[Exercise details]
Below are the entries; give again exactly the lines from the one mentioning "rewrite -ge0_integral_sum //;" through the one mentioning "by apply/funext =>", inclusive.

*** Opening Information given ***

(* Let $\overline{H}_n = \sum_{j=1}^n \frac{(-1)^{j-1}}{j}$ denote the $n$th skew-harmonic number and let $\operatorname{Ein}(z) = \int_0^z \frac{1 - e^{-t}}{t}\,dt$ denote the complementary exponential integral. For all real $y$, $$\sum_{n = 1}^\infty \overline{H}_n\left(e^y - 1 - \frac{y}{1!} - \frac{y^2}{2!} - \ldots - \frac{y^n}{n!}\right) = y e^y\left[\operatorname{Ein}(2y) - \operatorname{Ein}(y)\right] - \cosh (y) +1.$$ *)

From Stdlib Require Import Reals.
From Coquelicot Require Import Coquelicot.
Open Scope R_scope.

Fixpoint skew_harmonic (n : nat) : R :=
  match n with
  | O => 0
  | S m => skew_harmonic m + (-1) ^ m / INR (S m)
  end.

(* integrand (1 - e^{-t})/t, with its removable-singularity value 1 at t = 0 *)
Definition ein_integrand (t : R) : R :=
  if Req_EM_T t 0 then 1 else (1 - exp (- t)) / t.

Definition Ein (z : R) : R := RInt ein_integrand 0 z.

Definition exp_tail (y : R) (n : nat) : R :=
  exp y - sum_f_R0 (fun k => y ^ k / INR (Factorial.fact k)) n.

From Stdlib Require Import Reals Lra Lia.
From Coquelicot Require Import Coquelicot.
Open Scope R_scope.

(* Put c_k = Hbar_0 + ... + Hbar_(k-1). Since e^y - sum_(k<=n) y^k/k! = sum_(k>n) y^k/k!,
   Abel summation turns the series into G(y) = sum_k c_k y^k/k!; the boundary term
   c_(N+2) tail_y(N+1) vanishes because |c_k| <= 2^k and 2^(n+1) |tail_y(n)| <= tail_(2|y|)(n).
   As c_(k+1) - c_k = Hbar_k, we get G' = G + A with A(y) = sum_k Hbar_k y^k/k!, and likewise
   A' = A + Ein', where Ein'(t) = (1 - e^-t)/t.  From 2 Ein'(2y) - Ein'(y) = e^-y Ein'(y) one
   checks that e^y (Ein(2y) - Ein(y)) solves the equation for A and that the right-hand side of
   the theorem solves the one for G; all these functions vanish at 0, so they coincide. *)

Lemma CV_radius_infinite_le (a b : nat -> R) :
  (forall n, Rabs (a n) <= Rabs (b n)) -> CV_radius b = p_infty -> CV_radius a = p_infty.
Proof.
  intros Hab Hb.
  assert (Hle : Rbar_le (CV_radius b) (CV_radius a)).
  { apply (is_lub_Rbar_subset
      (fun r => exists M, forall n, Rabs (a n * r ^ n) <= M)
      (fun r => exists M, forall n, Rabs (b n * r ^ n) <= M));
      [| apply CV_radius_bounded | apply CV_radius_bounded].
    intros r [M HM]; exists M; intros n; eapply Rle_trans, HM.
    rewrite !Rabs_mult; apply Rmult_le_compat_r; [apply Rabs_pos | apply Hab]. }
  rewrite Hb in Hle; destruct (CV_radius a); simpl in Hle; tauto.
Qed.
Lemma sum_clamp N x : 0 <= x -> \sum_(k < N) (clamp k x - p k) = minr x (p N).
Proof.
move=> x0; elim: N => [|N IH]; first by rewrite big_ord0 p0 min_r.
rewrite big_ord_recr /= IH; case: (leP x (p N)) => xN.
  by rewrite clamp_left // min_l ?(le_trans xN) ?p_nd // subrr addr0.
by rewrite clamp_right // addrC subrK.
Qed.

Lemma ramp_clamp_le k x :
  ramp (p k) (c k) (b k) (clamp k x) <= (clamp k x - p k) * expR (envelope x).
Proof.
case: (leP x (p k)) => xk; first by rewrite clamp_left // /ramp subrr !mul0r.
rewrite /ramp -/(L k) -envelope_clamp; apply: ler_wpM2l.
  by rewrite subr_ge0; have /andP[] := clamp_in k x.
by rewrite ler_expR clamp_right // envelope_nd // ge_min lexx.
Qed.

Lemma sum_ramp_clamp_le N x : 0 <= x ->
  \sum_(k < N) ramp (p k) (c k) (b k) (clamp k x) <= x * expR (envelope x).
Proof.
move=> x0; apply: (@le_trans _ _ (\sum_(k < N) (clamp k x - p k) * expR (envelope x))).
  by apply: ler_sum => k _; exact: ramp_clamp_le.
by rewrite -mulr_suml sum_clamp // ler_wpM2r ?ge_min ?lexx.
Qed.

Lemma p_cvgy : p @ \oo --> +oo.
Proof.
apply/cvgryPge => A; near=> n; apply: le_trans (p_ge_nat n).
by near: n; exact: nbhs_infty_ger.
Unshelve. all: by end_near.
Qed.

Section envelope_moments.
Variables (d : measure_display) (T : measurableType d).
Variables (P : probability T R) (X : {RV P >-> R}).
Hypothesis X_ge0 : forall w, 0 <= X w.
Variables (eps : nat -> R) (delta : R).
Hypothesis eps_sum_le : forall N, \sum_(k < N) eps k <= delta.

Let block_mean k := (\int[P]_w (ramp (p k) (c k) (b k) (clamp k (X w)))%:E)%E.

Hypothesis block_mean_ge1 : forall k, (1 <= block_mean k)%E.
Hypothesis block_mean_cost : forall k, ((b k)%:E * block_mean k <= (eps k)%:E)%E.

Let measurable_ramp_clamp k :
  measurable_fun setT (fun w => (ramp (p k) (c k) (b k) (clamp k (X w)))%:E).
Proof.
apply: (measurable_EFin_nd_comp (f := fun x => ramp (p k) (c k) (b k) (clamp k x))) => //.
by move=> x y xy; apply: ramp_max_nd; [exact: ltW | rewrite le_min2].
Qed.

Let ramp_clamp_ge0 k w : (0 <= (ramp (p k) (c k) (b k) (clamp k (X w)))%:E)%E.
Proof. by rewrite lee_fin ramp_max_ge0. Qed.

Let expR_envelope_nd : {homo expR \o envelope : x y / x <= y}.
Proof. by move=> x y xy; rewrite /= ler_expR envelope_nd. Qed.

Let expR_envelope_ge0 x : 0 <= (expR \o envelope) x.
Proof. exact: expR_ge0. Qed.

Let measurable_expR_envelope_min q :
  measurable_fun setT (fun w => (expR (envelope (minr (X w) q)))%:E).
Proof.
apply: (measurable_EFin_nd_comp (f := fun x => expR (envelope (minr x q)))) => //.
by move=> x y xy; rewrite ler_expR envelope_nd // le_min2.
Qed.

Lemma expR_envelope_truncated_mean_le N :
  (truncated_mean X (expR \o envelope) (p N) <= (1 + \sum_(k < N) eps k)%:E)%E.
Proof.
elim: N => [|N IH].
  rewrite /truncated_mean big_ord0 addr0.
  under eq_integral => w _ do rewrite p0 /= (min_r (X_ge0 w)) envelope0 expR0.
  by rewrite integral_cst //= probability_setT mul1e.
apply: (@le_trans _ _ (\int[P]_w ((expR (envelope (minr (X w) (p N))))%:E
    + (b N)%:E * (ramp (p N) (c N) (b N) (clamp N (X w)))%:E))%E).
  apply: ge0_le_integral => // [w _|||w _].
  - by rewrite lee_fin expR_envelope_ge0.
  - exact: measurable_expR_envelope_min.
  - by apply: emeasurable_funD; last exact: measurable_funeM.
  - by rewrite -EFinM -EFinD lee_fin expR_envelope_increment.
rewrite ge0_integralD //; last 2 first.
- by move=> w _; rewrite mule_ge0 // lee_fin (ltW (b_gt0 N)).
- exact: measurable_funeM.
rewrite ge0_integralZl //; last by rewrite lee_fin (ltW (b_gt0 N)).
by rewrite big_ord_recr /= addrA EFinD leeD.
Qed.

Lemma expR_envelope_mean_le :
  (\int[P]_w (expR (envelope (X w)))%:E <= (1 + delta)%:E)%E.
Proof.
have cvg_trunc := truncated_mean_cvg (X := X) expR_envelope_nd expR_envelope_ge0 p_nd p_cvgy.
rewrite -(cvg_lim _ cvg_trunc) //; apply: lime_le; first exact: cvgP cvg_trunc.
apply: nearW => N; apply: le_trans (expR_envelope_truncated_mean_le N) _.
by rewrite lee_fin lerD2l.
Qed.

Lemma mul_expR_envelope_mean :
  (\int[P]_w (X w * expR (envelope (X w)))%:E = +oo)%E.
Proof.
have mean_ge N : ((N%:R)%:E <= \int[P]_w (X w * expR (envelope (X w)))%:E)%E.
  apply: (@le_trans _ _ (\sum_(k < N) block_mean k)%E).
    have -> : ((N%:R)%:E = \sum_(k < N) (1%:E : \bar R))%E.
      by rewrite sumEFin sumr_const card_ord.
    by apply: lee_sum => k _; exact: block_mean_ge1.
  rewrite -ge0_integral_sum //; apply: ge0_le_integral => // [w _|||w _].
  - exact: sume_ge0.
  - exact: emeasurable_sum.
  - apply/measurable_EFinP; apply: measurable_funM => //.
    apply: measurableT_comp => //; exact: measurableT_comp envelope_measurable _.
  - by rewrite sumEFin lee_fin sum_ramp_clamp_le.
apply: eq_infty => r; apply: le_trans (mean_ge (truncn r).+1).
by rewrite lee_fin; exact: ltW (truncnS_gt r).
Qed.

End envelope_moments.

End concave_envelope.

Lemma heavy_tailed_expR_mean {R : realType} (d : measure_display)
    (T : measurableType d) (P : probability T R) (X : {RV P >-> R}) :
  heavy_tailed (distribution P X) ->
  forall g, 0 < g -> (\int[P]_w (expR (g * X w))%:E = +oo)%E.
Proof.
move=> heavy g g0; apply/eqP; rewrite -leye_eq -(heavy g g0).
have mexp : measurable_fun setT (fun x : R => (expR (g * x))%:E).
  apply/measurable_EFinP; apply: nondecreasing_measurable => // x y xy.
  by rewrite ler_expR ler_pM2l.
rewrite -(ge0_integral_distribution _ mexp) => [|x]; last by rewrite lee_fin expR_ge0.
apply: ge0_subset_integral => //.
have -> : [set x : R | 0 <= x] = `[0, +oo[%classic by rewrite set_itvE.
exact: measurable_itv.
Qed.

Definition budget {R : realType} (delta : R) k := delta / 2 ^+ k.+1.

(* Chosen so that a block mean of at most [expR (c + 1)] costs at most [budget delta k]. *)
Definition block_slope {R : realType} (delta : R) k (c : R) := budget delta k * expR (- c - 1).

Section budget.
Context {R : realType}.
Variable delta : R.
Hypothesis delta_gt0 : 0 < delta.

Lemma budget_gt0 k : 0 < budget delta k.
Proof. by rewrite divr_gt0 // exprn_gt0. Qed.

Lemma budget_sum_le N : \sum_(k < N) budget delta k <= delta.
Proof.
have -> : \sum_(k < N) budget delta k = delta - delta / 2 ^+ N.
  elim: N => [|N IH]; first by rewrite big_ord0 expr0 divr1 subrr.
  rewrite big_ord_recr /= IH /budget exprS; field.
  by rewrite expf_neq0.
by rewrite gerBl divr_ge0 ?exprn_ge0 // ltW.
Qed.

Lemma budget_cvg0 : budget delta @ \oo --> 0.
Proof.
have -> : budget delta = geometric (delta / 2) 2^-1.
  by apply/funext => k; rewrite /budget /geometric /= exprS invfM exprVn mulrA.
by apply: cvg_geometric; rewrite gtr0_norm // invf_lt1 // ltr1n.
Qed.

Lemma block_slope_gt0 k c : 0 < block_slope delta k c.
Proof. by rewrite mulr_gt0 ?expR_gt0 ?budget_gt0. Qed.

Lemma block_slope_le_budget k c : 0 <= c -> block_slope delta k c <= budget delta k.
Proof.
move=> c0; rewrite -[leRHS]mulr1 ler_pM2l ?budget_gt0 //.
by rewrite expR_le1; lra.
Qed.

Lemma block_slope_le1 k c : delta <= 1 -> 0 <= c -> block_slope delta k c <= 1.
Proof.
move=> delta_le1 c0; apply: le_trans (block_slope_le_budget k c0) _.
rewrite ler_pdivrMr ?exprn_gt0 // mul1r; apply: le_trans delta_le1 _.
by rewrite exprn_ege1 // ler1n.
Qed.

Lemma block_slope_costE k c : block_slope delta k c * expR (c + 1) = budget delta k.
Proof.
by rewrite /block_slope -mulrA -expRD (_ : - c - 1 + (c + 1) = 0) ?expR0 ?mulr1 //; ring.
Qed.

Lemma block_slope_noninc (c : nat -> R) : nondecreasing_seq c ->
  nonincreasing_seq (fun k => block_slope delta k (c k)).
Proof.
move=> c_nd; apply/nonincreasing_seqP => k; apply: ler_pM.
- exact: ltW (budget_gt0 _).
- exact: expR_ge0.
- by rewrite /budget ler_pM2l // lef_pV2 ?posrE ?exprn_gt0 // ler_eXn2l ?ltr1n.
- by rewrite ler_expR lerD2r lerN2 c_nd.
Qed.

Lemma block_slope_cvg0 (c : nat -> R) : (forall k, 0 <= c k) ->
  (fun k => block_slope delta k (c k)) @ \oo --> 0.
Proof.
move=> c_ge0; apply: (squeeze_cvgr (f := fun=> 0) (h := budget delta)).
- apply: nearW => k; rewrite block_slope_le_budget // andbT.
  exact: ltW (block_slope_gt0 k (c k)).
- exact: cvg_cst.
- exact: budget_cvg0.
Qed.

End budget.

Lemma dependent_choice (S : Type) (I : S -> Prop) (next : nat -> S -> S -> Prop)
    (s0 : S) :
  I s0 -> (forall k s, I s -> exists2 s', I s' & next k s s') ->
  exists f : nat -> S, f 0%N = s0 /\ forall k, next k (f k) (f k.+1).
Proof.
move=> Is0 step.
have /choice[g gP] : forall ks : nat * S, exists s', I ks.2 -> I s' /\ next ks.1 ks.2 s'.
  move=> [k s]; have [/(step k)[s' Is' ns']|nIs] := pselect (I s).
    by exists s'.
  by exists s.
pose f := fix f n := if n is k.+1 then g (k, f k) else s0.
have If n : I (f n) by elim: n => // k IH; exact: (gP (k, f k) IH).1.
by exists f; split => // k; exact: (gP (k, f k) (If k)).2.
Qed.
(* Let $\gamma\in[0,1)$ and $\Omega_{\gamma}=\{z\in\mathbb{C}:|z+\frac{\gamma}{1-\gamma}|<\frac{1}{1-\gamma}\}$. Let $f$ be analytic in $\Omega_\gamma$ with $|f(z)|\le1$ on $\Omega_\gamma$ and $f(z)=\sum_{n=0}^\infty a_n\left(z+\frac{\gamma}{1-\gamma}\right)^n$ in $\Omega_\gamma$. Then $$\sum_{n=0}^\infty \frac{|a_n|}{(1-\gamma)^n}\rho^n+\left(\frac{1}{1+|a_0|}+\frac{\rho}{1-\rho}\right)\sum_{n=1}^\infty\frac{|a_n|^2}{(1-\gamma)^{2n}}\rho^{2n}\le 1$$ for $|(1-\gamma)z+\gamma|=\rho\le\rho_0=1/3$. The number $\rho_0=1/3$ is best possible, i.e. for every $\rho\in(1/3,1)$ there is such a function $f$ for which the left-hand side exceeds $1$.
   Context: $\Omega_\gamma$ is the open disk centered at $-\gamma/(1-\gamma)$ of radius $1/(1-\gamma)$. *)

From Stdlib Require Import Reals.
From Coquelicot Require Export Coquelicot.
Open Scope R_scope.

Definition cen (g : R) : C := RtoC (- (g / (1 - g))).
Definition rad (g : R) : R := 1 / (1 - g).
Definition Omega (g : R) (z : C) : Prop := Cmod (z - cen g)%C < rad g.

Definition admissible (g : R) (f : C -> C) (a : nat -> C) : Prop :=
  (forall z, Omega g z -> is_series (fun n => (a n * pow_n (z - cen g) n)%C) (f z))
  /\ (forall z, Omega g z -> Cmod (f z) <= 1).

Definition lhs_is (g rho : R) (a : nat -> C) (L : R) : Prop :=
  exists S1 S2 : R,
    is_series (fun n => Cmod (a n) / (1 - g) ^ n * rho ^ n) S1 /\
    is_series (fun n => Cmod (a (S n)) ^ 2 / (1 - g) ^ (2 * S n) * rho ^ (2 * S n)) S2 /\
    L = S1 + (1 / (1 + Cmod (a O)) + rho / (1 - rho)) * S2.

*** Closing Information given ***

[Exercise response]
  rewrite -ge0_integral_sum //; apply: ge0_le_integral => // [w _|||w _].
  - exact: sume_ge0.
  - exact: emeasurable_sum.
  - apply/measurable_EFinP; apply: measurable_funM => //.
    apply: measurableT_comp => //; exact: measurableT_comp envelope_measurable _.
  - by rewrite sumEFin lee_fin sum_ramp_clamp_le.
apply: eq_infty => r; apply: le_trans (mean_ge (truncn r).+1).
by rewrite lee_fin; exact: ltW (truncnS_gt r).
Qed.

End envelope_moments.

End concave_envelope.

Lemma heavy_tailed_expR_mean {R : realType} (d : measure_display)
    (T : measurableType d) (P : probability T R) (X : {RV P >-> R}) :
  heavy_tailed (distribution P X) ->
  forall g, 0 < g -> (\int[P]_w (expR (g * X w))%:E = +oo)%E.
Proof.
move=> heavy g g0; apply/eqP; rewrite -leye_eq -(heavy g g0).
have mexp : measurable_fun setT (fun x : R => (expR (g * x))%:E).
  apply/measurable_EFinP; apply: nondecreasing_measurable => // x y xy.
  by rewrite ler_expR ler_pM2l.
rewrite -(ge0_integral_distribution _ mexp) => [|x]; last by rewrite lee_fin expR_ge0.
apply: ge0_subset_integral => //.
have -> : [set x : R | 0 <= x] = `[0, +oo[%classic by rewrite set_itvE.
exact: measurable_itv.
Qed.

Definition budget {R : realType} (delta : R) k := delta / 2 ^+ k.+1.

(* Chosen so that a block mean of at most [expR (c + 1)] costs at most [budget delta k]. *)
Definition block_slope {R : realType} (delta : R) k (c : R) := budget delta k * expR (- c - 1).

Section budget.
Context {R : realType}.
Variable delta : R.
Hypothesis delta_gt0 : 0 < delta.

Lemma budget_gt0 k : 0 < budget delta k.
Proof. by rewrite divr_gt0 // exprn_gt0. Qed.

Lemma budget_sum_le N : \sum_(k < N) budget delta k <= delta.
Proof.
have -> : \sum_(k < N) budget delta k = delta - delta / 2 ^+ N.
  elim: N => [|N IH]; first by rewrite big_ord0 expr0 divr1 subrr.
  rewrite big_ord_recr /= IH /budget exprS; field.
  by rewrite expf_neq0.
by rewrite gerBl divr_ge0 ?exprn_ge0 // ltW.
Qed.

Lemma budget_cvg0 : budget delta @ \oo --> 0.
Proof.
have -> : budget delta = geometric (delta / 2) 2^-1.
  by apply/funext => k; rewrite /budget /geometric /= exprS invfM exprVn mulrA.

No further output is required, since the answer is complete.